Check each line of the entries below for the word "split", then state how many lines have it and nothing more.

• _Stored data entries_:
════

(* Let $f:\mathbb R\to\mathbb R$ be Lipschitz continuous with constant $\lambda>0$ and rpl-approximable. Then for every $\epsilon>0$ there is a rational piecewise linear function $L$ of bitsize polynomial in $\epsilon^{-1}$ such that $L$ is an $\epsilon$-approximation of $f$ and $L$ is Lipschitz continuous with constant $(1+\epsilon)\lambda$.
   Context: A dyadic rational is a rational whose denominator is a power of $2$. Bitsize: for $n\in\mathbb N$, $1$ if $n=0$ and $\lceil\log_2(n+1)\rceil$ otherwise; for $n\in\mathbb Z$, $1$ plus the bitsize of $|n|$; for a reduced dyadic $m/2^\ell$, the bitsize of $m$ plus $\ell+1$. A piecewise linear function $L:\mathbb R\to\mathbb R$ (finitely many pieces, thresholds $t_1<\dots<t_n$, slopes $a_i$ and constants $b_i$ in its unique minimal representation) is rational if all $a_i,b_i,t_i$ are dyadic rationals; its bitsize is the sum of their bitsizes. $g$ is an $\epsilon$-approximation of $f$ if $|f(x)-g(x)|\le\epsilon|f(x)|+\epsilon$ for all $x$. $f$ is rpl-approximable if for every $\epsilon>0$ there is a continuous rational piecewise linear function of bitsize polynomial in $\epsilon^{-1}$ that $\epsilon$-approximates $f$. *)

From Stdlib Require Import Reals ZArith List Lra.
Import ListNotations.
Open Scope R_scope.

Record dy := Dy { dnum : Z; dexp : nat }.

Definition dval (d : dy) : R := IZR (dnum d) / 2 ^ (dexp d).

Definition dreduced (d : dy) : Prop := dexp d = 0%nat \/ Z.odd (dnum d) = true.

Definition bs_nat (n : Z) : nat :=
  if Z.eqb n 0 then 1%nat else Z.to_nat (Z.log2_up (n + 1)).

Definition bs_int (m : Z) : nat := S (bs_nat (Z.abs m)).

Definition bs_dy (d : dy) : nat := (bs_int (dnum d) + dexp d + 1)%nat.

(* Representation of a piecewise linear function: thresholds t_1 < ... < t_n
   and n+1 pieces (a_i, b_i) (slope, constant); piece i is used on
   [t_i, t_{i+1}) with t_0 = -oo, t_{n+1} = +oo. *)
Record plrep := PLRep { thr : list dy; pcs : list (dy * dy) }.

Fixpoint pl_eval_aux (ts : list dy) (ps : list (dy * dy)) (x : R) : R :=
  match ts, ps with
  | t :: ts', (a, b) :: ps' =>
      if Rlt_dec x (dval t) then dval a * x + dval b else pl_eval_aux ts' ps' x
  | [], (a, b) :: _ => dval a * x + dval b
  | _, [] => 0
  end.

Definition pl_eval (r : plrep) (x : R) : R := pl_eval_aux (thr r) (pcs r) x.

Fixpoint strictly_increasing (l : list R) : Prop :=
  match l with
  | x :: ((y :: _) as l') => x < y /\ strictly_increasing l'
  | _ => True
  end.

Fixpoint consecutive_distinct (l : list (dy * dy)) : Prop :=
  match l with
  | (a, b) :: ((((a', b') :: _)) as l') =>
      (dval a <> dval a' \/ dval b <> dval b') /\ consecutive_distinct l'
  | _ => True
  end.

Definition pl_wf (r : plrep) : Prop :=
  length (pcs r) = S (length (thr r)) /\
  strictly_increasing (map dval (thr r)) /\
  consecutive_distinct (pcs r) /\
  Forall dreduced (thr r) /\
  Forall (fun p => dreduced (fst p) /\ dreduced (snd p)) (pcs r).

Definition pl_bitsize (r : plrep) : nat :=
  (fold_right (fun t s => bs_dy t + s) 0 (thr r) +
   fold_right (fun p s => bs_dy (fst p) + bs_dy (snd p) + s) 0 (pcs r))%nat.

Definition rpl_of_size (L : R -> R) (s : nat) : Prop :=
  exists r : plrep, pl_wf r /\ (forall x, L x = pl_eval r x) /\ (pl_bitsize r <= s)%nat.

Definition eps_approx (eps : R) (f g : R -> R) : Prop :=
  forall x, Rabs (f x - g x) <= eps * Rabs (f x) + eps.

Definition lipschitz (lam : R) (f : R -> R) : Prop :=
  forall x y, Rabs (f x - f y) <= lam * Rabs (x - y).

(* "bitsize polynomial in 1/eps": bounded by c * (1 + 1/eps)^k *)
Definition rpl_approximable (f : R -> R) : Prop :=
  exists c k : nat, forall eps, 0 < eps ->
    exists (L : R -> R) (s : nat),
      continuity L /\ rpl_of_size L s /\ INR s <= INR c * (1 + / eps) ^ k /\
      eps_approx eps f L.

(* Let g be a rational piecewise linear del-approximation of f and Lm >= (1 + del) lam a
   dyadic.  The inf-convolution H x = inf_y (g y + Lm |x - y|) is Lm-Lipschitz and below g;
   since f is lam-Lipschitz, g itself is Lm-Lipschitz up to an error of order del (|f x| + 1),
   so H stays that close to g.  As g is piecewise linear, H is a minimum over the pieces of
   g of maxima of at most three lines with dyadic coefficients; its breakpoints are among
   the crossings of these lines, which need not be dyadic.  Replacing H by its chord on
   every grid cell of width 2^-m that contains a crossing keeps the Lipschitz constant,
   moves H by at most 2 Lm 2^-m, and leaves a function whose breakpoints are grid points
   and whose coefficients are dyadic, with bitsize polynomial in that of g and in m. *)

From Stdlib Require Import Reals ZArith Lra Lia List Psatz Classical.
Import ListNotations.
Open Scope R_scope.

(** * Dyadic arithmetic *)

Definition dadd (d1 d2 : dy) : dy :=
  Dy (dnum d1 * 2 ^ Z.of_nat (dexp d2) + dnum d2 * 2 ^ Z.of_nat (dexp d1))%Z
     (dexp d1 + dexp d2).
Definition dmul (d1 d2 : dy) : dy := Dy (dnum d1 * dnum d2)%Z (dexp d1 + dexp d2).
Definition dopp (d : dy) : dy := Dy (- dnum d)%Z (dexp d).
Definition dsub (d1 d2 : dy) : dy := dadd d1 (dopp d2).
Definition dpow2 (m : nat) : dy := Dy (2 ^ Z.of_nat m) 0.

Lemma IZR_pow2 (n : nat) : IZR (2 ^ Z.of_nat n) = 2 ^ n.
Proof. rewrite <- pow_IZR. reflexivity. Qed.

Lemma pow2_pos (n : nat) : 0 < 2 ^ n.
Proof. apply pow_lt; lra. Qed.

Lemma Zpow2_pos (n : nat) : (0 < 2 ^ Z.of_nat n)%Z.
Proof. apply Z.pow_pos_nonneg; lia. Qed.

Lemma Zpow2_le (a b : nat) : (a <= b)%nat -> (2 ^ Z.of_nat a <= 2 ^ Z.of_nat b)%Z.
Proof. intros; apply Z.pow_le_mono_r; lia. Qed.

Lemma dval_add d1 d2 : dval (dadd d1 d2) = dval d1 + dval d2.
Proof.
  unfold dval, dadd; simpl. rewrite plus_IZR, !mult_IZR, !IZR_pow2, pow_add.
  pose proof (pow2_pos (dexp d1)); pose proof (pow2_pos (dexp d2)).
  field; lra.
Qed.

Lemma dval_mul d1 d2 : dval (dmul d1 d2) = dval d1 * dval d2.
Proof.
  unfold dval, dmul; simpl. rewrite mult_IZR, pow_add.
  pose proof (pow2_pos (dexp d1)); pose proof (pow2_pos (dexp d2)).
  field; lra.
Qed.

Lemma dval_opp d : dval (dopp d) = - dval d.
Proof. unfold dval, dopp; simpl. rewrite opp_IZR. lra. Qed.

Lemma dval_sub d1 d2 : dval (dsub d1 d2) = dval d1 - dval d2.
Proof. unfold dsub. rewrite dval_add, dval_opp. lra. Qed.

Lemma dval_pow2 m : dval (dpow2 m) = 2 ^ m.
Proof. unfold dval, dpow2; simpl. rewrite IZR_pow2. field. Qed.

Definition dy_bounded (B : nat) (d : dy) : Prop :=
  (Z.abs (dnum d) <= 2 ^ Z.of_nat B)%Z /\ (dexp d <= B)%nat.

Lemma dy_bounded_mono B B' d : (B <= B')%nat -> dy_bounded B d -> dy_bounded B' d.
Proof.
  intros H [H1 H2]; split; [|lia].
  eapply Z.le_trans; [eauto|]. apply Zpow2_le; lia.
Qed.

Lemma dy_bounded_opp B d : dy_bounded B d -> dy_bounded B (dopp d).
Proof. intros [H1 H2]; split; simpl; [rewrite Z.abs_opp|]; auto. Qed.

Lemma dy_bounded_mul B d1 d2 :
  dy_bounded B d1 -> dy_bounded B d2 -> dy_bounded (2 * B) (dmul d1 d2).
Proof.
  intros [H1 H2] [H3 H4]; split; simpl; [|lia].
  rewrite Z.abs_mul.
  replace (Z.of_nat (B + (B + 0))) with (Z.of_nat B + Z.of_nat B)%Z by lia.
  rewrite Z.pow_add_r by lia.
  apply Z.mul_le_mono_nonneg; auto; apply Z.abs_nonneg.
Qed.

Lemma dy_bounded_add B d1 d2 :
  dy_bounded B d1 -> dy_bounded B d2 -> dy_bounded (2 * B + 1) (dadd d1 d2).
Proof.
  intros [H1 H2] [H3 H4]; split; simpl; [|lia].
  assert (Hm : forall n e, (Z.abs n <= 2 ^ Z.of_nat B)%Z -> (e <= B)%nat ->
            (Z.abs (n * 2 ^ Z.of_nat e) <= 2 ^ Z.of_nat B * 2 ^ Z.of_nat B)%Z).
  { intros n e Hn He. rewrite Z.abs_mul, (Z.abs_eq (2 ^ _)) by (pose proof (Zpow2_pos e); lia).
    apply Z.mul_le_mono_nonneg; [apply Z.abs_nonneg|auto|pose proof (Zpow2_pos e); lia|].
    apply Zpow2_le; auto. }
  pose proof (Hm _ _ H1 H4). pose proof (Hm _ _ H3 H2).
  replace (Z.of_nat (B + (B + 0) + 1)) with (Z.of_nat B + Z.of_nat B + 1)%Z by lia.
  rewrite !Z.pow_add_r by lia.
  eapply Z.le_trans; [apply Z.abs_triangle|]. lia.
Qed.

════

• _RESULT_:
4